Back at mgon (now thatforum.com), there was a person named Sarge. He was by far the most responsible, nicest, kindest, most respectful member ever. We were all guessing he was in his 30's, 40's. He refused to tell us, until he left, when we learned he was 12.

Age ain't nothin' but a number.


----------



## Androo (Sep 23, 2003)

i am a kid
14  you all should kno by now!


----------



## Androo (Sep 23, 2003)

AND WHATS WITH THE LORD OF THE RINGS AVATAR THEME!?
shouldn't it be apple products?


----------



## Trip (Sep 23, 2003)

"Being grown up isn't half as fun as growing up. These are the best days of our lives" 
The Ataris


----------



## Arden (Sep 24, 2003)

Hey, what's with the second category being 13-*18*?  I've been gambling, I just opened a bank account, I'm old enough to take out a home loan, I'm old enough to buy porn and cigarettes (though I wouldn't), I can sign up for all sorts of stuff I couldn't before, and you're going to lump me in with the high-schoolers?


----------



## Darkshadow (Sep 24, 2003)

Yes.


----------



## Dusky (Sep 24, 2003)

I'll be 25 on November 19.  Sometimes I look at myself in the mirror, and think, "That's me?"  It doesn't seem that long ago that I was a kid.


----------



## eric halfabee (Sep 24, 2003)

I'm still a kid (OK don't al agree at once).

See my sig.


----------



## pds (Sep 24, 2003)

47 years young,

oh sh!t, no 48

Damn no! 49

years young!


----------



## Zammy-Sam (Sep 25, 2003)

I have a very low screenres, pds.

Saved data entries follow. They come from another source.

Lemma indep_swap_exchange S x0 x y1 y : x0 \notin S -> x \notin S ->
  y1 \in S -> y \in S -> y1 != y ->
  indep M (x0 |: (S :\ y1)) -> indep M (x |: (S :\ y)) -> ~~ indep M (x0 |: (S :\ y)) ->
  indep M (x |: ((x0 |: (S :\ y1)) :\ y)).
Proof.
move=> x0S xS y1S yS y1y ix0S1 ixSy nix0Sy.
have x0y : x0 != y by apply: contraNneq x0S => ->.
apply: (indep_aug_other (z := y1) (indep_sub (subD1set _ _) ix0S1) ixSy).
- rewrite cards_swap // -(cards_swap x0S y1S) (cardsD1 y (x0 |: (S :\ y1))).
  by rewrite !inE [y == y1]eq_sym y1y yS orbT add1n ltnSn.
- by apply/subsetP => z; rewrite !inE; do 4 case: eqP => //=; case: (z \in S).
apply: contra nix0Sy => iy1.
suff <- : y1 |: ((x0 |: (S :\ y1)) :\ y) = x0 |: (S :\ y) by [].
apply/setP => z; rewrite !inE; have [->|zy1] := eqVneq z y1; first by rewrite y1y y1S orbT.
by have [->|//] := eqVneq z x0; rewrite x0y.
Qed.

Definition span A := [set x | (x \in A) || ~~ indep M (x |: A)].

Lemma famrank_ge A X : indep M A -> A \subset X -> #|A| <= famrank (restrict M X).
Proof. by move=> iA sAX; apply: leq_bigmax_cond; rewrite /restrict /= iA sAX. Qed.

Lemma famrank_le A X : indep M A -> {in X, forall x, x \notin A -> ~~ indep M (x |: A)} ->
  famrank (restrict M X) <= #|A|.
Proof.
move=> iA nX; apply/bigmax_leqP => B /andP [iB sBX]; rewrite leqNgt; apply/negP => ltAB.
have [x /setDP [xB xA] ixA] := indep_aug iA iB ltAB.
by rewrite (negbTE (nX x (subsetP sBX x xB) xA)) in ixA.
Qed.

Lemma famrank_span A : indep M A -> famrank (restrict M (span A)) <= #|A|.
Proof. by move=> iA; apply: famrank_le => // x; rewrite inE => /orP [->|]. Qed.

At what number did your age finally stabilize?  
Young ppl tend to answer on the question how old they are this way: "17! *slient* in 3 months" 
Older ppl tend to say they stopped counting at 35years


----------



## Arden (Sep 25, 2003)

That's because we all want to be 25 and perfect.  I really don't care; age is just another statistic in the flowcharts of your life.


----------



## Darkshadow (Sep 25, 2003)

You say that _now_.  Wait till you get older.


----------



## hulkaros (Sep 25, 2003)




----------



## Arden (Sep 26, 2003)

Believe me, when I'm 45, I'll be proud to be 45.  When it's March 28, 2055, I'll be _proud_ to be turning 70 the next day, knowing full well that many people in other countries don't even live close to that long.


----------



## Cat (Sep 26, 2003)

It's not about how long you live, but how well. Quantity doesn't matter, quality does. It's a bit like postcounts ...


----------



## Arden (Sep 26, 2003)

And with me, I've got both.   ::angel::


----------



## Darkshadow (Sep 26, 2003)

Only because you have to comment on everything.  That sorta thing will get your butt kicked IRL 

I should know, I seem to make a lot of comments myself.


----------



## pds (Sep 26, 2003)

> _Originally posted by Zammy-Sam _
> *I have a very low screenres, pds. At what number did your age finally stabilize?
> Young ppl tend to answer on the question how old they are this way: "17! *slient* in 3 months"
> Older ppl tend to say they stopped counting at 35years  *



yeah, nine years ago I became older than my father, bless him.

it's just that since every year a year becomes a smaller percentage of my life, so they seem to go by quicker. I still think of myself as twenty-something, but gravity keeps trying to tell me that ain't so


----------



## toast (Sep 29, 2003)

20 yrs-old, but just as dumb as 10 years ago. Voted 19-24, though.


----------



## iMan (Oct 4, 2003)

oh, I'm a kid alright at 26 

Viktor


----------